By Kasia Michalik
John Wigneswaran, MD, vice president of market development and clinical strategy at Fresenius Medical Care North America (FMCNA) has participated in a new program since early 2012 that has been put together for hospitals to lower the increasing problem of patient readmission.
UFComplete (Ultrafiltration Complete) was developed and brought together cardiologists, nephrologists and hospitalists to work as a team to prevent patients from returning after being released from a hospital.
"The main problem is that congestive heart failure, which is the disease we are laser focused upon, is the number one reason for people being readmitted to the hospital," Wigneswaran said. "It's the largest Medicare expense at $32-50 billion yearly and hospitals and clinicians are being penalized for poor outcomes."
An average readmission rate across the U.S. is at about 25 percent.
"It's a very significant market that could be well served if you have a therapy that may help reduce readmissions and optimize coordinated care with heart failure providers —this could be very beneficial," Wigneswaran said.
Physicians get indirectly penalized through the hospital. The Value Based Purchasing Program makes hospitals lose money if there is no improvement in outcomes seen.
So how and why would a nephrologist get involved in this with a cardiologist? About one-third of patients that cardiologists see are patients who are on diuretics, or water pills.

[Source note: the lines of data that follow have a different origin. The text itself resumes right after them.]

(* For every integer $N\ge 0$, let $T_{2\times 3}(7,N)$ be the number of tilings of a $7\times n$ rectangle, $n=6N/7$, by $N$ tiles of size $2\times 3$ (and $0$ if $6N/7\notin\mathbb{Z}$). Then, as formal power series, \[ \sum_{N\ge 0} T_{2\times 3}(7,N)\,z^N=\frac{1}{1-3z^7}. \]
   Context: A tiling of an $m\times n$ rectangle (width $m$, length $n$, made of $mn$ unit squares) by $a\times b$ tiles is a partition of the rectangle into non-overlapping axis-parallel $a\times b$ rectangles with integer corner coordinates, each placed in either of its two orientations. Tilings related by reflections or rotations of the rectangle are counted as distinct. The empty tiling counts once for $N=0$. *)

From mathcomp Require Import all_boot.
Set Implicit Arguments. Unset Strict Implicit. Unset Printing Implicit Defensive.

(* A tile placement in the m x n rectangle (rows 'I_m = width m, columns
   'I_n = length n): lower corner (x, y) and an orientation bit o. *)
Definition tile_dims (a b : nat) (o : bool) : nat * nat :=
  if o then (b, a) else (a, b).

Definition placement (m n : nat) := ('I_m * 'I_n * bool)%type.

(* the placed tile fits inside the rectangle; when a = b the two
   orientations coincide, so only orientation false is used *)
Definition valid_placement (m n a b : nat) (p : placement m n) : bool :=
  let: (x, y, o) := p in
  let: (h, w) := tile_dims a b o in
  [&& x + h <= m, y + w <= n & (a == b) ==> ~~ o].

Definition covers (m n a b : nat) (p : placement m n) (i : 'I_m) (j : 'I_n) : bool :=
  let: (x, y, o) := p in
  let: (h, w) := tile_dims a b o in
  [&& x <= i, i < x + h, y <= j & j < y + w].

Definition is_tiling (m n a b : nat) (S : {set placement m n}) : bool :=
  [forall p in S, valid_placement a b p] &&
  [forall i : 'I_m, forall j : 'I_n, #|[set p in S | covers a b p i j]| == 1].

Definition ntilings (m n a b N : nat) : nat :=
  #|[set S : {set placement m n} | is_tiling a b S && (#|S| == N)]|.

Definition T_tilings (a b m N : nat) : nat :=
  if m %| a * b * N then ntilings m (a * b * N %/ m) a b N else 0.

From mathcomp Require Import all_boot zify.
Set Implicit Arguments. Unset Strict Implicit. Unset Printing Implicit Defensive.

"Those are the patients that may require a medical device to remove fluid and the nephrologist is essentially providing that service to the cardiologist, hospitalist or whoever is responsible for seeing the heart failure patient," Wigneswaran said.
When a hospital chooses to participate in the UFComplete program, Fresenius trains nurses, the physicians of the patients, which usually tend to be cardiologists and hospitalists, in what patients should be involved, how the program works, and the benefits of it.
Patients have to fit a specific criteria to be chosen for this program.